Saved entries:
________________________

Lemma B_maximal F A : F \in FF -> A \proper F -> #|B F| < #|A| ->
  exists2 F', F' \in FF & F' :&: F = A.
Proof.
move=> FF_F ltAF ltBA.
have [/exists_inP[F' FF_F' /eqP eqA] | /exists_inPn not_trace] :=
  boolP [exists F' in FF, F' :&: F == A]; first by exists F'.
have := (B_max FF_F).2 A (conj ltAF not_trace).
by rewrite leqNgt ltBA.
Qed.

Lemma B_full_sub_eq F F' : F \in FF -> F' \in FF -> #|B F'| = d ->
  B F' \subset F -> F = F'.
Proof.
move=> FF_F FF_F' cardB BF'F; apply/eqP; apply: contraTT (trace_neq_B FF_F' FF_F).
move=> neqF; rewrite negbK eq_sym eqEcard subsetI BF'F B_sub //= cardB.
rewrite -ltnS -(FF_unif FF_F') ltn_neqAle subset_leq_card ?subsetIr // andbT.
apply: contra neqF => /eqP cardFF'.
have F'F : F' \subset F by apply/setIidPr/eqP; rewrite eqEcard subsetIr cardFF' /=.
by rewrite eq_sym eqEcard F'F (FF_unif FF_F) (FF_unif FF_F') /=.
Qed.

Definition Bfiber (B0 : {set 'I_n}) K := [set F in FF | (B F == B0) && (K \subset F)].

Lemma Bfiber_le1_or_escape (B0 : {set 'I_n}) K : [disjoint K & B0] ->
  #|Bfiber B0 K| <= 1 \/
  #|K| <= d /\ exists2 F', F' \in FF & B0 \subset F' /\ [disjoint F' & K].
Proof.
move=> disjKB0.
have [-> | [F0]] := set_0Vmem (Bfiber B0 K); first by left; rewrite cards0.
rewrite inE => /and3P[FF_F0 /eqP BF0 KF0].
have [F0_sub | /subsetPn[x F0x]] := boolP (F0 \subset B0 :|: K).
  left; rewrite -(cards1 F0) subset_leq_card //; apply/subsetP => F.
  rewrite !inE => /and3P[FF_F /eqP BF KF].
  rewrite eq_sym eqEcard (FF_unif FF_F) (FF_unif FF_F0) leqnn andbT.
  by apply: subset_trans F0_sub _; rewrite subUset KF -BF B_sub.
rewrite inE negb_or => /andP[xB0 xK].
right; split.
  have ltKF0 : K \proper F0 by apply/properP; split => //; exists x.
  by rewrite -ltnS -(FF_unif FF_F0) proper_card.
have [K0 | [k Kk]] := set_0Vmem K.
  exists F0 => //; split; first by rewrite -BF0 B_sub.
  by rewrite K0 disjoints_subset setC0 subsetT.
(* F0 :\: K is a proper subset of F0 larger than B0 = B F0, so by maximality
   it is the trace on F0 of some member F'. *)
have B0_sub : B0 \subset F0 :\: K.
  by rewrite subsetD -BF0 B_sub //= BF0 disjoint_sym.
have F0K_proper : F0 :\: K \proper F0.
  by apply/properP; split; [exact: subsetDl | exists k; rewrite ?inE ?Kk ?(subsetP KF0)].
have ltB_F0K : #|B F0| < #|F0 :\: K|.
  rewrite BF0 proper_card //; apply/properP; split => //.
  by exists x; rewrite ?inE ?xK.
have [F' FF_F' traceF'] := B_maximal FF_F0 F0K_proper ltB_F0K.
exists F' => //; split; first by rewrite (subset_trans B0_sub) // -traceF' subsetIl.
rewrite disjoints_subset; apply/subsetP => u F'u; rewrite inE; apply/negP => Ku.
have : u \in F' :&: F0 by rewrite inE F'u (subsetP KF0).
by rewrite traceF' inE Ku.
Qed.

Lemma card_Bfiber_le (B0 : {set 'I_n}) j K : [disjoint K & B0] -> d < #|K| + j ->
  #|Bfiber B0 K| <= d.+1 ^ j.
Proof.
elim: j K => [|j IH] K disjKB0 lt_d_Kj.
  have [|[leKd _]] := Bfiber_le1_or_escape disjKB0; first by rewrite expn0.
  by move: lt_d_Kj; rewrite addn0 ltnNge leKd.
have [le1 | [_ [F' FF_F' [B0F' disjF'K]]]] := Bfiber_le1_or_escape disjKB0.
  by rewrite (leq_trans le1) ?expn_gt0.
(* The trace on F' of a member of the fiber is not B0, so the member meets
   F' :\: B0, whose points lie outside K. *)
have sub : Bfiber B0 K \subset \bigcup_(u in F' :\: B0) Bfiber B0 (u |: K).
  apply/subsetP => F; rewrite inE => /and3P[FF_F /eqP BF KF].
  have /subsetPn[u] : ~~ (F' :&: F \subset B0).
    apply: contra (trace_neq_B FF_F FF_F') => subB0.
    by rewrite BF eqEcard subB0 subset_leq_card // subsetI B0F' -BF B_sub.
  rewrite inE => /andP[F'u Fu] uB0.
  apply/bigcupP; exists u; first by rewrite inE uB0 F'u.
  by rewrite inE FF_F BF eqxx subUset sub1set Fu KF.
apply: leq_trans (subset_leq_card sub) (leq_trans (card_bigcup_le _ _) _).
apply: (@leq_trans (\sum_(u in F' :\: B0) d.+1 ^ j)).
  apply: leq_sum => u; rewrite inE => /andP[uB0 F'u]; apply: IH.
    by rewrite disjoints_subset subUset sub1set inE uB0 -disjoints_subset.
  by rewrite cardsU1 (disjointFr disjF'K F'u) add1n addSnnS.
rewrite sum_nat_const expnS leq_mul2r -(FF_unif FF_F').
by rewrite subset_leq_card ?subsetDl ?orbT.
Qed.

Lemma card_Bfiber0_le (B0 : {set 'I_n}) : #|Bfiber B0 set0| <= d.+1 ^ d.+1.
Proof. by apply: card_Bfiber_le; rewrite ?disjoints_subset ?sub0set ?cards0. Qed.

Variable v : 'I_n.

Definition Xfull := [set F in FF | (v \in B F) && (#|B F| == d)].
Definition Xsmall := [set F in FF | (v \in B F) && (#|B F| < d)].

Lemma card_Xfam_le : #|Xfam FF B v| <= #|Xfull| + #|Xsmall|.
Proof.
apply: leq_trans (leq_imset_card _ _) _.
apply: (@leq_trans #|Xfull :|: Xsmall|); last by rewrite cardsU leq_subr.
apply/subset_leq_card/subsetP => F; rewrite !inE => /andP[FF_F vB].
rewrite FF_F vB /= -leq_eqVlt -ltnS -(FF_unif FF_F).
exact/proper_card/B_proper.
Qed.

Lemma card_Xsmall_le : #|Xsmall| <= d.-1 * n ^ d.-2 * d.+1 ^ d.+1.
Proof.
pose Bs := [set B0 : {set 'I_n} | (v \in B0) && (#|B0| < d)].
have sub : Xsmall \subset \bigcup_(B0 in Bs) Bfiber B0 set0.
  apply/subsetP => F; rewrite inE => /andP[FF_F vB_small].
  by apply/bigcupP; exists (B F); rewrite ?inE ?FF_F ?eqxx ?sub0set.
apply: leq_trans (subset_leq_card sub) (leq_trans (card_bigcup_le _ _) _).
apply: (@leq_trans (\sum_(B0 in Bs) d.+1 ^ d.+1)).
  by apply: leq_sum => B0 _; exact: card_Bfiber0_le.
rewrite sum_nat_const leq_mul2r; apply/orP; right.
have <- : #|[set B0 :\ v | B0 in Bs]| = #|Bs|.
  apply: card_in_imset => B1 B2; rewrite !inE => /andP[vB1 _] /andP[vB2 _] eqB.
  by rewrite -(setD1K vB1) -(setD1K vB2) eqB.
have n_gt0 : 0 < #|'I_n| by rewrite card_ord (leq_ltn_trans _ (ltn_ord v)).
rewrite -[n in n ^ _](card_ord n); apply: leq_trans (card_small_sets d.-1 n_gt0).
apply/subset_leq_card/subsetP => A /imsetP[B0 + ->]; rewrite !inE => /andP[vB0 ltB0].
by move: ltB0; rewrite (cardsD1 v B0) vB0 add1n; lia.
Qed.

Lemma card_Yfam_member G : G \in Yfam FF B v -> #|G| = d.
Proof.
case/imsetP => F; rewrite !inE => /andP[FF_F /andP[_ vF]] ->.
by move: (FF_unif FF_F); rewrite (cardsD1 v) vF add1n => -[].
Qed.

Lemma card_shadow_Yfam_Xfull_le :
  #|shadow d.-1 (Yfam FF B v)| + #|Xfull| <= 'C(n.-1, d.-1).
Proof.
set S := shadow d.-1 (Yfam FF B v).
pose W := [set H : {set 'I_n} | H \subset [set~ v] & #|H| == d.-1].
pose Bv F := B F :\ v.
have SW : S \subset W.
  apply/subsetP => H; rewrite !inE => /andP[-> /exists_inP[_ /imsetP[F _ ->] HF]].
  by rewrite andbT; apply: subset_trans HF _; apply/subsetP => u; rewrite !inE => /andP[].
have BvW : Bv @: Xfull \subset W.
  apply/subsetP => H /imsetP[F + ->]; rewrite /Xfull inE => /and3P[FF_F vB /eqP cardB].
  rewrite inE; apply/andP; split; first by apply/subsetP => u; rewrite !inE => /andP[].
  by move: cardB; rewrite (cardsD1 v) vB add1n => <-.
have disjSBv : [disjoint S & Bv @: Xfull].
  rewrite -setI_eq0; apply/eqP/setP => H; rewrite !inE; apply/negP.
  case/andP => /andP[_ /exists_inP[_ /imsetP[F FF_F ->] HF]] /imsetP[F' Xfull_F' eqH].
  move: FF_F Xfull_F'; rewrite !inE => /andP[FF_F /andP[vB vF]] /and3P[FF_F' vB' cardB'].
  suff eqF : F = F' by rewrite eqF vB' in vB.
  apply: B_full_sub_eq => //; first exact/eqP.
  rewrite -(setD1K vB') subUset sub1set vF -/(Bv F') -eqH.
  exact: subset_trans HF (subD1set _ _).
have BvI : {in Xfull &, injective Bv}.
  move=> F1 F2; rewrite !inE => /and3P[FF_F1 vB1 _] /and3P[FF_F2 vB2 /eqP cardB2] eqBv.
  have eqB : B F1 = B F2 by rewrite -(setD1K vB1) -(setD1K vB2) -/(Bv F1) eqBv.
  by apply: B_full_sub_eq; rewrite // -eqB B_sub.
have -> : 'C(n.-1, d.-1) = #|W| by rewrite cards_draws cardsC1 card_ord.
rewrite -(card_in_imset BvI) -cardsUI (disjoint_setI0 disjSBv) cards0 addn0.
by rewrite subset_leq_card // subUset SW BvW.
Qed.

________________________

Task instructions: Please print exactly what appears from the first line of the data through the line with "have [F0_sub |", including both of those lines and nothing past them.

Task output:
Lemma B_maximal F A : F \in FF -> A \proper F -> #|B F| < #|A| ->
  exists2 F', F' \in FF & F' :&: F = A.
Proof.
move=> FF_F ltAF ltBA.
have [/exists_inP[F' FF_F' /eqP eqA] | /exists_inPn not_trace] :=
  boolP [exists F' in FF, F' :&: F == A]; first by exists F'.
have := (B_max FF_F).2 A (conj ltAF not_trace).
by rewrite leqNgt ltBA.
Qed.

Lemma B_full_sub_eq F F' : F \in FF -> F' \in FF -> #|B F'| = d ->
  B F' \subset F -> F = F'.
Proof.
move=> FF_F FF_F' cardB BF'F; apply/eqP; apply: contraTT (trace_neq_B FF_F' FF_F).
move=> neqF; rewrite negbK eq_sym eqEcard subsetI BF'F B_sub //= cardB.
rewrite -ltnS -(FF_unif FF_F') ltn_neqAle subset_leq_card ?subsetIr // andbT.
apply: contra neqF => /eqP cardFF'.
have F'F : F' \subset F by apply/setIidPr/eqP; rewrite eqEcard subsetIr cardFF' /=.
by rewrite eq_sym eqEcard F'F (FF_unif FF_F) (FF_unif FF_F') /=.
Qed.

Definition Bfiber (B0 : {set 'I_n}) K := [set F in FF | (B F == B0) && (K \subset F)].

Lemma Bfiber_le1_or_escape (B0 : {set 'I_n}) K : [disjoint K & B0] ->
  #|Bfiber B0 K| <= 1 \/
  #|K| <= d /\ exists2 F', F' \in FF & B0 \subset F' /\ [disjoint F' & K].
Proof.
move=> disjKB0.
have [-> | [F0]] := set_0Vmem (Bfiber B0 K); first by left; rewrite cards0.
rewrite inE => /and3P[FF_F0 /eqP BF0 KF0].
have [F0_sub | /subsetPn[x F0x]] := boolP (F0 \subset B0 :|: K).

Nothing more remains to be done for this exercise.